Friday, March 22, 2013

To everything there is a season; a time of war, and now a time of peace

Thank you President Obama for your visit in Israel. 

You won the hearts of all. The truth is, the minds of most are already oriented in the same direction as yours: a majority of Israelis, even of those who voted for PM Netanyahu, prefer a viable Palestinian State alongside Israel to stalemate, and would prefer ploughshares to swords.

Impressively, you corrected some mistakes of the past – such as not to make negotiations conditional on a settlement freeze.

President Abbas, now it is your turn not to repeat the mistakes of the past: You keep insisting on a settlement freeze as a pre-condition for entering negotiations. When PM Netanyahu agreed to President Obama’s request and implemented a ten-month settlement freeze, you did not return to the negotiation table, but asked for more.

And if you were truly honest, you would recognize Israel as a (the) Jewish State (with a sizable Arab minority), just like the State of Palestine, doubtlessly, is an Arab State (which you prefer without Jews).

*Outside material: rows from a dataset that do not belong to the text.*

(* The generating function of the diagonal sums $\sum_{k \ge 1} w(n-k,k)$ (with $w(m,k)=0$ for $m<0$) is \[ \sum_{n \ge 0} \Bigl(\sum_{k \ge 1} w(n-k,k)\Bigr) q^n = \frac{q^6}{(1 - q)^3 (1 + q) (1 - 2 q^2)}. \]
   Context: A composition of $n \ge 0$ is a finite sequence $(c_1,\dots,c_t)$ of positive integers with $c_1+\cdots+c_t=n$; the empty composition is the unique composition of $0$. Let $C_{12}(n)$ be the set of compositions of $n$ all of whose parts lie in $\{1,2\}$. The number of water cells of a composition $(c_1,\dots,c_t)$ is $\sum_{i=1}^{t} \max\bigl(0, \min(\max_{j \le i} c_j, \max_{j \ge i} c_j) - c_i\bigr)$ (the number of unit squares that would hold water poured over its bargraph, in which column $i$ has height $c_i$). For $n,k \ge 0$, $W(n,k)$ is the set of compositions in $C_{12}(n)$ with exactly $k$ water cells and $w(n,k)=|W(n,k)|$. *)

From mathcomp Require Import all_boot all_order all_algebra.
Set Implicit Arguments. Unset Strict Implicit. Unset Printing Implicit Defensive.
Import GRing.Theory.

Definition is_comp12 (n : nat) (c : seq nat) : bool :=
  all (fun x => (x == 1) || (x == 2)) c && (sumn c == n).

(* number of water cells: sum_i max(0, min(max_{j<=i} c_j, max_{j>=i} c_j) - c_i)
   (truncated nat subtraction realizes max(0, _)) *)
Definition water (c : seq nat) : nat :=
  \sum_(i < size c)
    (minn (foldr maxn 0 (take i.+1 c)) (foldr maxn 0 (drop i c)) - nth 0 c i).

(* w(n,k) = |W(n,k)|: a composition in C12(n) has length t <= n and parts in {1,2},
   so it is encoded injectively by a t.-tuple over 'I_3 (t <= n). *)
Definition w (n k : nat) : nat :=
  \sum_(t < n.+1)
    #|[set u : t.-tuple 'I_3 |
        is_comp12 n (map val u) && (water (map val u) == k)]|.

(* diagonal sums  sum_{k>=1} w(n-k,k), with w(m,k)=0 for m<0 (i.e. k>n) *)
Definition diag (n : nat) : nat := \sum_(1 <= k < n.+1) w (n - k) k.

Definition diagGF (N : nat) : {poly int} := \sum_(n < N) (diag n)%:R *: 'X^n.

Definition denom : {poly int} :=
  (1 - 'X) ^+ 3 * (1 + 'X) * (1 - 2%:R *: 'X^2).
Lemma Rpower_cube_mul_sqr x : 0 < x -> Rpower x (- (2/3)) ^ 3 * x ^ 2 = 1.
Proof.
  intro Hx. rewrite Rpower_pow_INR, <- (Rpower_pow 2 x Hx), <- Rpower_plus.
  replace (INR 3 * - (2/3) + INR 2) with 0 by (simpl; field). apply Rpower_O, Hx.
Qed.

Lemma Rpower_fifth_mul_sqr q : 0 < q -> Rpower (3 / q) (2/5) ^ 5 * q ^ 2 = 9.
Proof.
  intro Hq. rewrite Rpower_pow_INR. replace (INR 5 * (2/5)) with (INR 2) by (simpl; field).
  rewrite Rpower_pow by (apply Rdiv_lt_0_compat; lra). field. lra.
Qed.

Lemma Rpower_gt_0 x y : 0 < Rpower x y.
Proof. apply exp_pos. Qed.

(* AM-GM for x, x, 1. *)
Lemma Rpower_two_thirds_mul_gt x : 0 < x -> x <> 1 -> 3 < Rpower x (- (2/3)) * (2 * x + 1).
Proof.
  intros Hx Hx1.
  pose proof (Rpower_cube_mul_sqr x Hx) as E3. pose proof (Rpower_gt_0 x (- (2/3))).
  assert (AMGM : (2 * x + 1) ^ 3 - 27 * x ^ 2 = (x - 1) ^ 2 * (8 * x + 1)) by ring.
  pose proof (pow2_gt_0 (x - 1) ltac:(lra)). pose proof (pow_lt x 2 Hx).
  apply (lt_of_pow_lt_pow _ _ 3); [nra|].
  apply (Rmult_lt_reg_r (x ^ 2)); [assumption|].
  replace ((Rpower x (- (2/3)) * (2 * x + 1)) ^ 3 * x ^ 2)
    with ((Rpower x (- (2/3)) ^ 3 * x ^ 2) * (2 * x + 1) ^ 3) by ring.
  rewrite E3. nra.
Qed.

Lemma Rpower_two_fifths_mul_gt x : 0 < x -> x <> 1 ->
  5 * (2 * x + 1) < Rpower (3 / (x * (2 * x + 1))) (2/5) * (6 * x ^ 2 + 8 * x + 1).
Proof.
  intros Hx Hx1. set (q := x * (2 * x + 1)).
  assert (Hq : 0 < q) by (unfold q; nra).
  pose proof (Rpower_fifth_mul_sqr q Hq) as E5. pose proof (Rpower_gt_0 (3 / q) (2/5)).
  assert (Hpoly : 9 * (6 * x ^ 2 + 8 * x + 1) ^ 5 - (5 * (2 * x + 1)) ^ 5 * q ^ 2
    = (x - 1) ^ 2 * (9 + 378*x + 3652*x^2 + 17896*x^3 + 60880*x^4 + 154496*x^5
                     + 245552*x^6 + 206528*x^7 + 69984*x^8)) by (unfold q; ring).
  assert (HP : 0 < 9 + 378*x + 3652*x^2 + 17896*x^3 + 60880*x^4 + 154496*x^5
                   + 245552*x^6 + 206528*x^7 + 69984*x^8).
  { pose proof (pow_lt x 2 Hx); pose proof (pow_lt x 3 Hx); pose proof (pow_lt x 4 Hx);
    pose proof (pow_lt x 5 Hx); pose proof (pow_lt x 6 Hx); pose proof (pow_lt x 7 Hx);
    pose proof (pow_lt x 8 Hx). lra. }
  pose proof (pow2_gt_0 (x - 1) ltac:(lra)). pose proof (pow2_gt_0 q ltac:(lra)).
  apply (lt_of_pow_lt_pow _ _ 5); [nra|].
  apply (Rmult_lt_reg_r (q ^ 2)); [assumption|].
  replace ((Rpower (3 / q) (2/5) * (6 * x ^ 2 + 8 * x + 1)) ^ 5 * q ^ 2)
    with ((Rpower (3 / q) (2/5) ^ 5 * q ^ 2) * (6 * x ^ 2 + 8 * x + 1) ^ 5) by ring.
  rewrite E5. nra.
Qed.

Lemma gphi_lt_sqr_mul_Rpower h :
  0 < h -> h <> 1 -> gphi h < (h - 1) ^ 2 * Rpower h (- (2/3)).
Proof.
  intros Hh Hh1.
  enough (0 < (h - 1) ^ 2 * Rpower h (- (2/3)) - gphi h) by lra.
  refine (pos_of_deriv_sign (fun x => (x - 1) ^ 2 * Rpower x (- (2/3)) - gphi x)
            (fun x => (x - 1) / x * (Rpower x (- (2/3)) * (4 * x + 2) / 3 - 2))
            1 _ _ _ _ _ h Hh Hh1).
  - lra.
  - unfold gphi. rewrite phi_1. ring.
  - intros x Hx. unfold Rpower, gphi, phi. auto_derive; [lra | field; lra].
  - intros x Hx. pose proof (Rpower_two_thirds_mul_gt x ltac:(lra) ltac:(lra)).
    assert ((x - 1) / x < 0) by (apply Rdiv_neg_pos; lra). nra.
  - intros x Hx. pose proof (Rpower_two_thirds_mul_gt x ltac:(lra) ltac:(lra)).
    assert (0 < (x - 1) / x) by (apply Rdiv_lt_0_compat; lra). nra.
Qed.

Lemma gphi_lt_sqr_mul_Rpower_div h :
  0 < h -> h <> 1 -> gphi h < (h - 1) ^ 2 * Rpower (3 / (h * (2 * h + 1))) (2/5).
Proof.
  intros Hh Hh1.
  set (E := fun x => Rpower (3 / (x * (2 * x + 1))) (2/5)).
  assert (HE : forall x, 0 < x -> x <> 1 ->
                 2 < E x * (12 * x ^ 2 + 16 * x + 2) / (5 * (2 * x + 1))).
  { intros x Hx Hx1. pose proof (Rpower_two_fifths_mul_gt x Hx Hx1).
    apply (Rmult_lt_reg_r (5 * (2 * x + 1))); [lra|]. unfold E. field_simplify; lra. }
  enough (0 < (h - 1) ^ 2 * E h - gphi h) by (unfold E in *; lra).
  refine (pos_of_deriv_sign (fun x => (x - 1) ^ 2 * E x - gphi x)
            (fun x => (x - 1) / x * (E x * (12 * x ^ 2 + 16 * x + 2) / (5 * (2 * x + 1)) - 2))
            1 _ _ _ _ _ h Hh Hh1).
  - lra.
  - unfold gphi. rewrite phi_1. ring.
  - intros x Hx. unfold E, Rpower, gphi, phi.
    auto_derive; [repeat split; try apply Rdiv_lt_0_compat; nra | unfold Rdiv; field; nra].
  - intros x Hx. pose proof (HE x ltac:(lra) ltac:(lra)).
    assert ((x - 1) / x < 0) by (apply Rdiv_neg_pos; lra). nra.
  - intros x Hx. pose proof (HE x ltac:(lra) ltac:(lra)).
    assert (0 < (x - 1) / x) by (apply Rdiv_lt_0_compat; lra). nra.
Qed.

Lemma gphi_cube_bound h : 0 < h -> h <> 1 -> gphi h ^ 3 * h ^ 2 < (h - 1) ^ 6.
Proof.
  intros Hh Hh1.
  pose proof (gphi_pos h Hh Hh1). pose proof (pow2_gt_0 h ltac:(lra)).
  pose proof (pow_lt_pow_l (gphi h) _ 3 ltac:(lra) (gphi_lt_sqr_mul_Rpower h Hh Hh1) ltac:(lia))
    as Hc.
  replace ((h - 1) ^ 6) with (((h - 1) ^ 2 * Rpower h (- (2/3))) ^ 3 * h ^ 2)
    by (replace (((h - 1) ^ 2 * Rpower h (- (2/3))) ^ 3 * h ^ 2)
          with ((h - 1) ^ 6 * (Rpower h (- (2/3)) ^ 3 * h ^ 2)) by ring;
        rewrite Rpower_cube_mul_sqr by lra; ring).
  apply Rmult_lt_compat_r; assumption.
Qed.

Lemma gphi_fifth_bound h :
  0 < h -> h <> 1 -> gphi h ^ 5 * (h * (2 * h + 1)) ^ 2 < 9 * (h - 1) ^ 10.
Proof.
  intros Hh Hh1. set (q := h * (2 * h + 1)).
  assert (Hq : 0 < q) by (unfold q; nra).
  pose proof (gphi_pos h Hh Hh1). pose proof (pow2_gt_0 q ltac:(lra)).
  pose proof (pow_lt_pow_l (gphi h) _ 5 ltac:(lra) (gphi_lt_sqr_mul_Rpower_div h Hh Hh1)
                ltac:(lia)) as Hc.
  fold q in Hc.
  replace (9 * (h - 1) ^ 10) with (((h - 1) ^ 2 * Rpower (3 / q) (2/5)) ^ 5 * q ^ 2)
    by (replace (((h - 1) ^ 2 * Rpower (3 / q) (2/5)) ^ 5 * q ^ 2)
          with ((h - 1) ^ 10 * (Rpower (3 / q) (2/5) ^ 5 * q ^ 2)) by ring;
        rewrite Rpower_fifth_mul_sqr by lra; ring).
  apply Rmult_lt_compat_r; assumption.
Qed.

Lemma gphi_root_bounds h r t : 0 < h -> h <> 1 -> 0 < r -> 0 < t ->
  r ^ 2 = gphi h -> t ^ 2 = (h - 1) ^ 2 ->
  r ^ 3 * h < t ^ 3 /\ r ^ 5 * (h * (2 * h + 1)) < 3 * t ^ 5.
Proof.
  intros Hh Hh1 Hr Ht Er Et. pose proof (pow_lt t 3 Ht). pose proof (pow_lt t 5 Ht).
  split; apply (lt_of_pow_lt_pow _ _ 2); try lra.
  - replace ((t ^ 3) ^ 2) with ((t ^ 2) ^ 3) by ring.
    replace ((r ^ 3 * h) ^ 2) with ((r ^ 2) ^ 3 * h ^ 2) by ring.
    rewrite Et, Er. replace (((h - 1) ^ 2) ^ 3) with ((h - 1) ^ 6) by ring.
    apply gphi_cube_bound; assumption.
  - replace ((3 * t ^ 5) ^ 2) with (9 * (t ^ 2) ^ 5) by ring.
    replace ((r ^ 5 * (h * (2 * h + 1))) ^ 2) with ((r ^ 2) ^ 5 * (h * (2 * h + 1)) ^ 2) by ring.
    rewrite Et, Er. replace (((h - 1) ^ 2) ^ 5) with ((h - 1) ^ 10) by ring.
    apply gphi_fifth_bound; assumption.
Qed.

Lemma cube_lt_of_sqr_lt s u r : s * s = 1 -> 0 < u <= 1/2 -> 0 < r ->
  u ^ 2 * (1 - 2 * (s * u) / 3) < r ^ 2 -> u ^ 3 * (1 - s * u) < r ^ 3.
Proof.
  intros Hs Hu Hr Hlo. destruct (sign_cases s Hs) as [Hs1 | Hs1].
  all: pose proof (pow_lt u 8 ltac:(lra)); pose proof (pow_lt r 3 Hr).
  all: apply (lt_of_pow_lt_pow _ _ 2); [lra|].
  all: assert (Hcube : (u ^ 2 * (1 - 2 * (s * u) / 3)) ^ 3 < (r ^ 2) ^ 3)
         by (apply pow_lt_pow_l; [rewrite Hs1; nra | exact Hlo | lia]).
  all: assert (Id : (u ^ 2 * (1 - 2 * (s * u) / 3)) ^ 3 - (u ^ 3 * (1 - s * u)) ^ 2
                    = u ^ 8 * (9 - 8 * s * u) / 27) by (rewrite Hs1; field).
  all: replace ((r ^ 3) ^ 2) with ((r ^ 2) ^ 3) by ring; rewrite Hs1 in Id; nra.
Qed.

Lemma cube_gap_bound s u r : s * s = 1 -> 0 < u <= 1/2 -> 0 < r ->
  u ^ 2 * (1 - 2 * (s * u) / 3) < r ^ 2 < 4 * u ^ 2 -> / r ^ 3 - (1 + s * u) / u ^ 3 < 4 / r.
Proof.
  intros Hs Hu Hr [Hlo Hhi].
  pose proof (cube_lt_of_sqr_lt s u r Hs Hu Hr Hlo) as Hc.
  pose proof (pow_lt u 3 ltac:(lra)). pose proof (pow_lt r 3 Hr).
  assert (Hr2u : r < 2 * u) by nra.
  assert (Hs1 : 1/2 <= 1 - s * u) by (destruct (sign_cases s Hs) as [-> | ->]; lra).
  assert (/ r ^ 3 < / (u ^ 3 * (1 - s * u)))
    by (apply Rinv_lt_contravar; [apply Rmult_lt_0_compat; nra | exact Hc]).
  assert (/ (u ^ 3 * (1 - s * u)) - (1 + s * u) / u ^ 3 = / (u * (1 - s * u)))
    by (destruct (sign_cases s Hs) as [-> | ->]; field; lra).
  assert (/ (u * (1 - s * u)) <= 2 / u).
  { apply (Rmult_le_reg_r (u * (1 - s * u))); [nra|].
    replace (/ (u * (1 - s * u)) * (u * (1 - s * u))) with 1 by (field; lra).
    replace (2 / u * (u * (1 - s * u))) with (2 * (1 - s * u)) by (field; lra). lra. }
  assert (2 / u < 4 / r).
  { apply (Rmult_lt_reg_r (u * r)); [nra|].
    replace (2 / u * (u * r)) with (2 * r) by (field; lra).
    replace (4 / r * (u * r)) with (4 * u) by (field; lra). lra. }
  lra.
Qed.

(** * Derivatives of j along a branch *)

Definition phi_branch (K : R -> R) : Prop :=
  forall f, 1 < f ->
    0 < K f /\ K f <> 1 /\ phi (K f) = f /\ is_derive K f (K f / (K f - 1)).

Lemma phi_branch_hup : phi_branch hup.
Proof.
  intros f Hf. destruct (hup_spec f Hf) as [H1 H2].
  refine (conj _ (conj _ (conj H2 (is_derive_hup f Hf)))); lra.
Qed.

Lemma phi_branch_hlo : phi_branch hlo.
Proof.
  intros f Hf. destruct (hlo_spec f Hf) as [H1 H2].
  refine (conj _ (conj _ (conj H2 (is_derive_hlo f Hf)))); lra.
Qed.

Lemma hup_side f : 1 < f -> 0 < 1 * (hup f - 1).
Proof. intro Hf. destruct (hup_spec f Hf). lra. Qed.

Lemma hlo_side f : 1 < f -> 0 < -1 * (hlo f - 1).
Proof. intro Hf. destruct (hlo_spec f Hf). lra. Qed.

(* [s] is the sign of [K f - 1] on the branch, so that [s / (K f - 1) = / |K f - 1|]. *)
Definition jbranch (s : R) (K : R -> R) (f : R) : R :=
  s / (K f - 1) - / sqrt (2 * (f - 1)).

Definition djbranch (s : R) (K : R -> R) (f : R) : R :=
  - s * K f / (K f - 1) ^ 3 + / sqrt (2 * (f - 1)) ^ 3.

Definition d2jbranch (s : R) (K : R -> R) (f : R) : R :=
  s * K f * (2 * K f + 1) / (K f - 1) ^ 5 - 3 / sqrt (2 * (f - 1)) ^ 5.

Lemma jup_jbranch : jup = jbranch 1 hup.
Proof. apply functional_extensionality. intro f. unfold jup, jbranch, Rdiv. ring. Qed.

Lemma jlo_jbranch : jlo = jbranch (-1) hlo.
Proof.
  apply functional_extensionality. intro f. unfold jlo, jbranch, Rdiv.
  replace (hlo f - 1) with (- (1 - hlo f)) by ring. rewrite Rinv_opp. ring.
Qed.

Lemma is_derive_inv_sqrt f : 1 < f ->
  is_derive (fun t => / sqrt (2 * (t - 1))) f (- / sqrt (2 * (f - 1)) ^ 3).
Proof.
  intro Hf. pose proof (sqrt_lt_R0 (2 * (f - 1)) ltac:(lra)) as Hr.
  unfold Rminus in *. auto_derive; [repeat split; lra | field; lra].
Qed.

Lemma is_derive_inv_sqrt_cube f : 1 < f ->
  is_derive (fun t => / sqrt (2 * (t - 1)) ^ 3) f (- 3 / sqrt (2 * (f - 1)) ^ 5).
Proof.
  intro Hf. pose proof (sqrt_lt_R0 (2 * (f - 1)) ltac:(lra)) as Hr.
  unfold Rminus in *.
  auto_derive; [repeat split; try lra; apply Rgt_not_eq; repeat apply Rmult_lt_0_compat; lra
               | field; lra].
Qed.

PM Netanyahu – this is your third government. Fortune has brought you yet another opportunity. In spite of your hopes and the expectation that you would win a giant election victory, you barely escaped embarrassing defeat. What seemed like an unalterable long-term trend toward the right, received a surprising blow, and the Israeli people clearly said, “We want change.”

This is the time to seek your place in the annals of the people of Israel. You probably wanted to be recorded in the history book of your father, the right-wing historian. But your father is dead, and now, as we celebrate Passover, in commemoration of liberation from slavery, you are free to abandon the too grand fantasies and enter into the freedom of realistic implementation.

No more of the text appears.